I’ve always thought that two of the most overpriced things in the world are lattes at places like Starbucks, and the prices of some academic journals. Most laypeople, whose taxes go to fund scientific research through institutions like the National Institutes of Health or the National Science Foundation, aren’t aware that if they want to have access to the results of their largesse—the scientific articles that emanate from that research—they have to pay huge amounts of money. And some of those journals turn huge profits from the bloated subscription fees and prices for journal articles (the latter can reach more than $50 US to buy and read a single article online!).
In Monday’s Guardian, author George Monbiot reveals the sordid and grasping capitalism of academic publishing in a piece called “Academic publishers make Murdoch look like a socialist.”
If you’re a scientist, read and weep: Elsevier, one of the most notorious offenders, turned a profit of 36% last year. As Monbiot shows, the journals claim that these exorbitant profits reflect the value added by the journal, but that’s hogwash. Remember that virtually all of the scientific vetting of the papers published is done for free: as a public service by other scientists! We get nothing for our close scrutiny that decides which papers get published and which are put in the cylindrical file.
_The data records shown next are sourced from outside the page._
(* For every $x>1$, $1-[R^-(x)]^2<[R^+(x)]^2-1$. Consequently, for every $c>1$ and every $\sin^{-1}(\frac1c)\le\psi_1<\psi_2\le\pi-\sin^{-1}(\frac1c)$, \[\int_{\psi_1}^{\psi_2}\frac{d\psi}{1-[R^-(c\sin\psi)]^2}>\int_{\psi_1}^{\psi_2}\frac{d\psi}{[R^+(c\sin\psi)]^2-1}.\]
   Context: Let $K(R)=\frac{\exp(\frac{R^2-1}{2})}{R}$ for $R>0$; $K$ is strictly decreasing on $(0,1]$, strictly increasing on $[1,\infty)$ with $K(1)=1$. For $s\ge1$ let $R^-(s)\in(0,1]$ and $R^+(s)\in[1,\infty)$ be the two solutions of $K(R)=s$. *)

From HB Require Import structures.
From mathcomp Require Import all_boot all_order all_algebra.
From mathcomp Require Import all_classical all_reals all_analysis.
Set Implicit Arguments. Unset Strict Implicit. Unset Printing Implicit Defensive.
Import Order.TTheory GRing.Theory Num.Theory.
Local Open Scope classical_set_scope.
Local Open Scope ring_scope.

Definition K {R : realType} (r : R) : R := expR ((r ^+ 2 - 1) / 2) / r.

(* R^-(s): the solution in (0,1] of K(R) = s (unique for s >= 1). *)
Definition Rm {R : realType} (s : R) : R :=
  xget 1 [set r : R | 0 < r <= 1 /\ K r = s].

(* R^+(s): the solution in [1,oo) of K(R) = s (unique for s >= 1). *)
Definition Rp {R : realType} (s : R) : R :=
  xget 1 [set r : R | 1 <= r /\ K r = s].

From HB Require Import structures.
From mathcomp Require Import all_boot all_order all_algebra.
From mathcomp Require Import all_classical all_reals all_analysis.
From mathcomp Require Import ring lra measurable_realfun.
Import Order.TTheory GRing.Theory Num.Theory numFieldNormedType.Exports.

(* Writing ln K(r) = Phi(r^2) / 2 with Phi(u) = u - 1 - ln u, the squares
   u = R^-(x)^2 < 1 < v = R^+(x)^2 satisfy Phi u = Phi v.  As Phi increases on
   [1, +oo), the inequality v - 1 > 1 - u follows from Phi (2 - u) < Phi u, that
   is from ln ((1 + w) / (1 - w)) > 2 w with w = 1 - u.
   On ]psi1, psi2[ we have c sin psi > 1, so the integrands compare pointwise;
   the strict inequality of the integrals needs the smaller one to be finite.
   With alpha = asin (1/c), c sin psi - 1 >= (psi - alpha) (pi - alpha - psi) / (2 c)
   and Phi v <= (v - 1)^2 give
   1 / (R^+(c sin psi)^2 - 1) <= c / sqrt ((psi - alpha) (pi - alpha - psi)),
   an integrable function with an arcsine primitive. *)

Set Implicit Arguments. Unset Strict Implicit. Unset Printing Implicit Defensive.
Local Open Scope classical_set_scope.
Local Open Scope ring_scope.

Section RootsOfK.
Variable R : realType.
Implicit Types r s t u v w x y : R.

Lemma ln_lt_subr1 y : 0 < y -> y != 1 -> ln y < y - 1.
Proof.
move=> y0 y1; have := @expR_gt1Dx R (ln y); rewrite lnK ?posrE // ln_eq0 //.
by move=> /(_ y1); lra.
Qed.

Lemma ln_le_subr1 y : 0 < y -> ln y <= y - 1.
Proof. by move=> y0; have := @expR_ge1Dx R (ln y); rewrite lnK ?posrE //; lra. Qed.

Lemma ln_ge_1subV y : 0 < y -> 1 - y^-1 <= ln y.
Proof.
by move=> y0; have := @ln_le_subr1 y^-1; rewrite lnV ?posrE // invr_gt0 => /(_ y0); lra.
Qed.

Definition Phi u := u - 1 - ln u.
Further, the subscription rates to libraries are often equally exorbitant (though cheaper online): Monbiot notes that a paper library subscription to Biochimica et Biophysica Acta is an astonishing $20,930 per year. Of course, if you belong to a university that can afford such a subscription, you can get the papers for free, either in the library stacks or online, but that still leaves the layperson—and scholars at the many institutions that can’t afford these subscriptions—out of luck.
Open-access publishing, free for everyone, is a better deal, but it’s still somewhat of a scam, for in many such journals the authors have to pay thousands of dollars in “publication fees” just to get their articles to appear. Where does that money come from? From taxpayers, for it’s simply taken out of the part of research grants devoted to “publication.” The taxpayer gets the results online free, but also unknowingly foots the bill.
Monbiot’s solution, at least the first part, is eminently sensible.
In the short term, governments should refer the academic publishers to their competition watchdogs, and insist that all papers arising from publicly funded research are placed in a free public database. In the longer term, they should work with researchers to cut out the middleman altogether, creating – along the lines proposed by Björn Brembs of Berlin’s Freie Universität – a single global archive of academic literature and data. Peer-review would be overseen by an independent body. It could be funded by the library budgets which are currently being diverted into the hands of privateers.
It outrages me as a scientist that I review papers for free (and this often takes an enormous amount of time), while the journals for which I review rake in huge gobbets of cash. It’s unfair to scientists, and it’s unfair to the taxpayers. I’m not sure how good a suggestion a single global “publication,” is, though—it would be nearly impossible for a scientist to winnow for good research, for we often direct our attention to those journals known to have stringent quality control and a history of publishing good papers. But at the very least, the public should have low-cost or free access to the research it funds.
Academic publishing is the Starbuck’s latte of science, and the scam has to stop.